MATERIAL PROVIDED: Begin

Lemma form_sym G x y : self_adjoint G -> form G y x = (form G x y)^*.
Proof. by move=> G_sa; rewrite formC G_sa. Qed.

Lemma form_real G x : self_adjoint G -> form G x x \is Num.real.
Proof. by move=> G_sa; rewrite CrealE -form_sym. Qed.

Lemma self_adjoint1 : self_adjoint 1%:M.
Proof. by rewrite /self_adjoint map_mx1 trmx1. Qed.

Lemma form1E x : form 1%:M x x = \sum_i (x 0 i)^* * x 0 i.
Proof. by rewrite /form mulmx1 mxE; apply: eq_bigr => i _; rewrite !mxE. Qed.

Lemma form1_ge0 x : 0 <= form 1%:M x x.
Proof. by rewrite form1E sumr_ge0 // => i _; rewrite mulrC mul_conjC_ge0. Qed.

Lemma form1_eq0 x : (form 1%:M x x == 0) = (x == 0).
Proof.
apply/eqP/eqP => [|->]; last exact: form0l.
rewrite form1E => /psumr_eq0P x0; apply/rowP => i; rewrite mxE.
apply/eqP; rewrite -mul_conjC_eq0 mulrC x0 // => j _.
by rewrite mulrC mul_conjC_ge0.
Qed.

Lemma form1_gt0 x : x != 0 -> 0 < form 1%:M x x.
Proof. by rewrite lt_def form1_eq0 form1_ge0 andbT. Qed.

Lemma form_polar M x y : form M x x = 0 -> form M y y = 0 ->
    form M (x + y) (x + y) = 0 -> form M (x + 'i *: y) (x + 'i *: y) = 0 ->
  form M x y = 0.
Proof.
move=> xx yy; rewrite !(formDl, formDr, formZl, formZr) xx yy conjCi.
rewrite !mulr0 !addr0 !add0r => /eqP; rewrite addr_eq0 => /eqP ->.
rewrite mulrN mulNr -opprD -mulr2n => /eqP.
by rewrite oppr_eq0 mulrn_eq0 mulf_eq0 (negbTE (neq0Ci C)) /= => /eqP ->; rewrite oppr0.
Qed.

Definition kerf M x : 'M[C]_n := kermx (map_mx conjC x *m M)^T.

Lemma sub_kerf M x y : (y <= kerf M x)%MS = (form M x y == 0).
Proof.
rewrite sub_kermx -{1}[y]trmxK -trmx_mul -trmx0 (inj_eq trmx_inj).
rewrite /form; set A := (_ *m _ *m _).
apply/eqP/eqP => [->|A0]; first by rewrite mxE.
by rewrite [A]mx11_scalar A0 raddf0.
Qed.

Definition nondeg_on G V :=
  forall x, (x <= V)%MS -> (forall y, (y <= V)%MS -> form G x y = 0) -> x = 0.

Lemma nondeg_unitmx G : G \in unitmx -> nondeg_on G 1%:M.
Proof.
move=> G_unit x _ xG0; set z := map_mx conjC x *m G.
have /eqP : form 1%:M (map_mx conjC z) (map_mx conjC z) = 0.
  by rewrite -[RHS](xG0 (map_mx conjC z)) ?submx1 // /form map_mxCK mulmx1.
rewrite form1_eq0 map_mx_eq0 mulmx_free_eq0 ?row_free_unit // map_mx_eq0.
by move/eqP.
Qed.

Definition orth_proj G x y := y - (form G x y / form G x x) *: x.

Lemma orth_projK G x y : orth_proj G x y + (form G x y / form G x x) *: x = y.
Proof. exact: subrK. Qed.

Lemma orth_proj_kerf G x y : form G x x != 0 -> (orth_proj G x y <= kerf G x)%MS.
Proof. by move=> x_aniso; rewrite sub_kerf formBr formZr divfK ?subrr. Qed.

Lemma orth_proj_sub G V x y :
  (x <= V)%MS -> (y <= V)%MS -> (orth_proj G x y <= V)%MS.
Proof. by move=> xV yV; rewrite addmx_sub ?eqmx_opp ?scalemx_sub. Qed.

MATERIAL PROVIDED: End

▶ **BRIEF**
Each line from the one holding "Definition orth_proj G" down to the end of the records above is to be repeated exactly; no other line belongs in the reply.

▶ **EXERCISE RESULT**
Definition orth_proj G x y := y - (form G x y / form G x x) *: x.

Lemma orth_projK G x y : orth_proj G x y + (form G x y / form G x x) *: x = y.
Proof. exact: subrK. Qed.

Lemma orth_proj_kerf G x y : form G x x != 0 -> (orth_proj G x y <= kerf G x)%MS.
Proof. by move=> x_aniso; rewrite sub_kerf formBr formZr divfK ?subrr. Qed.

Lemma orth_proj_sub G V x y :
  (x <= V)%MS -> (y <= V)%MS -> (orth_proj G x y <= V)%MS.
Proof. by move=> xV yV; rewrite addmx_sub ?eqmx_opp ?scalemx_sub. Qed.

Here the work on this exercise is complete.